=== PROMPT ===
Set down all the lines below, each one exactly as shown.
#### DATASET EXTRACT ####
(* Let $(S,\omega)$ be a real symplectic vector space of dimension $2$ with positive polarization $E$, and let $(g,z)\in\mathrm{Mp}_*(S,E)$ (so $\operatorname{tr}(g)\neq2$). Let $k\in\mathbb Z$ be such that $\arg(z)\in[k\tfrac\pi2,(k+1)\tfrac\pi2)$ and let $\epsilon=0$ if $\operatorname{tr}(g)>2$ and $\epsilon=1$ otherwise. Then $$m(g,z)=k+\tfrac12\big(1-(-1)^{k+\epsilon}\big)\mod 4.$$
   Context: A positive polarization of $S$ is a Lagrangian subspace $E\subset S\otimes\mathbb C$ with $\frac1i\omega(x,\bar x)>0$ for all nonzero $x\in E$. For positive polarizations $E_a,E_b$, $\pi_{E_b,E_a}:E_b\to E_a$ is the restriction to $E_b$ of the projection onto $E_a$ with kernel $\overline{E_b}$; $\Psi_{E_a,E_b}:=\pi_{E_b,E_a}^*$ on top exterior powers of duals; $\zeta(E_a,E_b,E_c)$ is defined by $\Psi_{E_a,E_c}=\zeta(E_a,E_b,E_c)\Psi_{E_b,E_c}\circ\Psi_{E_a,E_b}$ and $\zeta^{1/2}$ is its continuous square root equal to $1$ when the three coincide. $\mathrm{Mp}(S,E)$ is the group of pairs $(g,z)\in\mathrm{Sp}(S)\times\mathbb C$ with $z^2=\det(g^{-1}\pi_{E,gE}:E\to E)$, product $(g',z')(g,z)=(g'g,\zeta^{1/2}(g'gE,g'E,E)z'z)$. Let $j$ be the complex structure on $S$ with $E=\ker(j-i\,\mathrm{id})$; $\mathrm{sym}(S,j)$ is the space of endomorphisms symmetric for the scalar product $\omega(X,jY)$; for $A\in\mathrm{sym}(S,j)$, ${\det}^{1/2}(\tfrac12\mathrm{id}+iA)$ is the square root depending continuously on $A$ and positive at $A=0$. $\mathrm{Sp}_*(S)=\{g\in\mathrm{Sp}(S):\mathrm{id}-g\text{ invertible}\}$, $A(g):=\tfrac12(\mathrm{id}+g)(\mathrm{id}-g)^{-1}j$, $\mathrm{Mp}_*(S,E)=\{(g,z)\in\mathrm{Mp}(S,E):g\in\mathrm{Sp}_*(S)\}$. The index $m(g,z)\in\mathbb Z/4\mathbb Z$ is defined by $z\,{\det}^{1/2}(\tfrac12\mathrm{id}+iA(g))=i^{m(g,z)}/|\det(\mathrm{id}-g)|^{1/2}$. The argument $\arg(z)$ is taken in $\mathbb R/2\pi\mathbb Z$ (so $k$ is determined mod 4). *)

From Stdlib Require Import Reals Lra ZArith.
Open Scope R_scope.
####
=== EXERCISE SOLUTION ===
(* Let $(S,\omega)$ be a real symplectic vector space of dimension $2$ with positive polarization $E$, and let $(g,z)\in\mathrm{Mp}_*(S,E)$ (so $\operatorname{tr}(g)\neq2$). Let $k\in\mathbb Z$ be such that $\arg(z)\in[k\tfrac\pi2,(k+1)\tfrac\pi2)$ and let $\epsilon=0$ if $\operatorname{tr}(g)>2$ and $\epsilon=1$ otherwise. Then $$m(g,z)=k+\tfrac12\big(1-(-1)^{k+\epsilon}\big)\mod 4.$$
   Context: A positive polarization of $S$ is a Lagrangian subspace $E\subset S\otimes\mathbb C$ with $\frac1i\omega(x,\bar x)>0$ for all nonzero $x\in E$. For positive polarizations $E_a,E_b$, $\pi_{E_b,E_a}:E_b\to E_a$ is the restriction to $E_b$ of the projection onto $E_a$ with kernel $\overline{E_b}$; $\Psi_{E_a,E_b}:=\pi_{E_b,E_a}^*$ on top exterior powers of duals; $\zeta(E_a,E_b,E_c)$ is defined by $\Psi_{E_a,E_c}=\zeta(E_a,E_b,E_c)\Psi_{E_b,E_c}\circ\Psi_{E_a,E_b}$ and $\zeta^{1/2}$ is its continuous square root equal to $1$ when the three coincide. $\mathrm{Mp}(S,E)$ is the group of pairs $(g,z)\in\mathrm{Sp}(S)\times\mathbb C$ with $z^2=\det(g^{-1}\pi_{E,gE}:E\to E)$, product $(g',z')(g,z)=(g'g,\zeta^{1/2}(g'gE,g'E,E)z'z)$. Let $j$ be the complex structure on $S$ with $E=\ker(j-i\,\mathrm{id})$; $\mathrm{sym}(S,j)$ is the space of endomorphisms symmetric for the scalar product $\omega(X,jY)$; for $A\in\mathrm{sym}(S,j)$, ${\det}^{1/2}(\tfrac12\mathrm{id}+iA)$ is the square root depending continuously on $A$ and positive at $A=0$. $\mathrm{Sp}_*(S)=\{g\in\mathrm{Sp}(S):\mathrm{id}-g\text{ invertible}\}$, $A(g):=\tfrac12(\mathrm{id}+g)(\mathrm{id}-g)^{-1}j$, $\mathrm{Mp}_*(S,E)=\{(g,z)\in\mathrm{Mp}(S,E):g\in\mathrm{Sp}_*(S)\}$. The index $m(g,z)\in\mathbb Z/4\mathbb Z$ is defined by $z\,{\det}^{1/2}(\tfrac12\mathrm{id}+iA(g))=i^{m(g,z)}/|\det(\mathrm{id}-g)|^{1/2}$. The argument $\arg(z)$ is taken in $\mathbb R/2\pi\mathbb Z$ (so $k$ is determined mod 4). *)

From Stdlib Require Import Reals Lra ZArith.
Open Scope R_scope.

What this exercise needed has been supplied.